By David Olimpio
“A story has no beginning or end: arbitrarily one chooses that moment of experience from which to look back or from which to look ahead.” — Graham Greene, The End of the Affair
1.1
We first became acquainted over social media. We ran in the same literary Twitter circles, but the first contact happened on Facebook. We realized we had friends in common other than just writers and that was because you had lived in the same New Jersey town that I lived in. This seemed like a sign. If nothing else, it made us seem more “safe” to one-another, or more “real,” or both.
We were each married. My marriage was open, yours was leaning that way. Things had not gone off the rails, yet. By which I mean: neither of us were divorced.
If we accept the idea of a beginning, this is the one I choose as the writer of this particular story. But like Bendrix, the unreliable narrator of Graham Greene’s The End of the Affair, I wonder: did I choose this beginning or did it choose me?
You would probably begin the story long before. A previous life, you would say. A previous universe or space-time. You claim to have visions of us as children, as twins. In the visions, there is a farm. I know you believe in this past.
If I were a romantic, I might believe in it, too.
1.2
When we began, we were living on different continents. I lived in American suburbia and you on a small Israeli kibbutz. We never would’ve thought back then that I would end up traveling to Israel nine months later, that I would actually walk the ground of your kibbutz. And that, when I did—as I did—you would be living back in the states, only about an hour from my house.
I went to Israel due to a circumstance unrelated to Us or This. And yet, for me, the trip had the tracks of our story lain across it.
Books were part of the affair from the start—our own books, the books we had written. Our books were our seduction. And each was a confession of sorts. What is more seductive than a confession?

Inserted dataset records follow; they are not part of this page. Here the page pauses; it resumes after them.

Lemma mul_adj_last_mx i k B :
  rblk k i.+1 B *m adjmx (last_mx i) = bcol k (B^~ i.+1).
Proof.
rewrite adj_last_mx rblk_mulcol; apply: eq_bcol => l _.
under eq_bigr do rewrite mul_bdelta.
by rewrite (sum_delta (B l)) ltnSn.
Qed.

Lemma trunc_mx_mulcol i c : trunc_mx i *m bcol i.+1 c = bcol i c.
Proof.
rewrite rblk_mulcol; apply: eq_bcol => l ltl.
under eq_bigr do rewrite bdelta_mul eq_sym.
by rewrite (sum_delta c) (leqW ltl).
Qed.

Lemma brow_adj_last_mx i c : brow i.+1 c *m adjmx (last_mx i) = c i.+1.
Proof.
rewrite adj_last_mx brow_mulcol.
under eq_bigr do rewrite mul_bdelta.
by rewrite (sum_delta c) ltnSn.
Qed.

Lemma trunc_mx_adj i : trunc_mx i *m adjmx (trunc_mx i) = 1%:M.
Proof. by rewrite mul_adj_trunc_mx rblk1. Qed.

Lemma last_mx_adj i : last_mx i *m adjmx (last_mx i) = 1%:M.
Proof. by rewrite brow_adj_last_mx /bdelta eqxx. Qed.

Lemma trunc_mx_adj_last i : trunc_mx i *m adjmx (last_mx i) = 0.
Proof.
rewrite mul_adj_last_mx -(bcol0 i); apply: eq_bcol => l ltl.
by rewrite /bdelta ltn_eqF.
Qed.

Lemma adj_trunc_last_mx_sum i :
  adjmx (trunc_mx i) *m trunc_mx i + adjmx (last_mx i) *m last_mx i = 1%:M.
Proof.
rewrite adj_trunc_mx adj_last_mx rblk_mul bcol_mulrow rblkD -rblk1.
apply: eq_rblk => l l' ltl _.
under eq_bigr do rewrite bdelta_mul eq_sym.
rewrite (sum_delta (bdelta^~ l')) bdelta_mul.
case: (ltnP l i.+1) => lei; first by rewrite (ltn_eqF lei) addr0.
have -> : l = i.+1 by apply/eqP; rewrite eqn_leq lei -ltnS ltl.
by rewrite eqxx add0r bdeltaC.
Qed.

End BlockMatrices.

Arguments bdelta {C q}.

Lemma unitmx_1_sub_nilpotent (C : numClosedFieldType) n (M : 'M[C]_n) k :
  M ^+ k = 0 -> 1%:M - M \in unitmx.
Proof.
move=> Mk0; have := subrX1 M k; rewrite Mk0 sub0r => geom.
suff /mulmx1_unit[] : (1%:M - M) *m (\sum_(l < k) M ^+ l) = 1%:M by [].
by rewrite mulmxE -opprB mulNr -geom opprK.
Qed.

We referred to time then in terms of our days, counting from the first, Day 1.
Day 3. Day 5. Day 9.
Days were for texting. Nights were for letters. You had a mission, which you announced early on. The mission was a slow burn. If we could somehow do that, then we might never freeze out, the way of the universe, the way of the stars, the way of everything.
But even back then, we spoke (or wrote) of an ending. Of an After.
The days of Us and This were somewhere in the twenties when we stopped keeping track. The days became weeks, then months. There was a lot of frustration, sexual and otherwise. Over those many months, we saw each other a few times in person, but mostly we fucked over phones.
How easy the Internet has made sexual connection.
1.3
While I was in Israel, I felt the absence of you there, and so I visited your places, traced your paths—the one on which (I remembered) you had walked your kids to the school bus while you WhatsApp’d me, the one on which you left me voice memos while you made your way from the train to your office in Tel Aviv, the one that led to the restaurant where you used to eat lunch with your boss while I was still sleeping. At one point, while in a car with a tour guide—who was probably confused as to why I’d been so eager to make a detour and visit your non-touristy, unremarkable kibbutz—I waited at an intersection where once, months earlier, you had been stopped at a red light, listening to me on your headphones as I came in my bathroom sink. You reminded me about this in a message which I received while at that intersection, sitting in the passenger seat of my tour guide’s car, looking west toward Haifa.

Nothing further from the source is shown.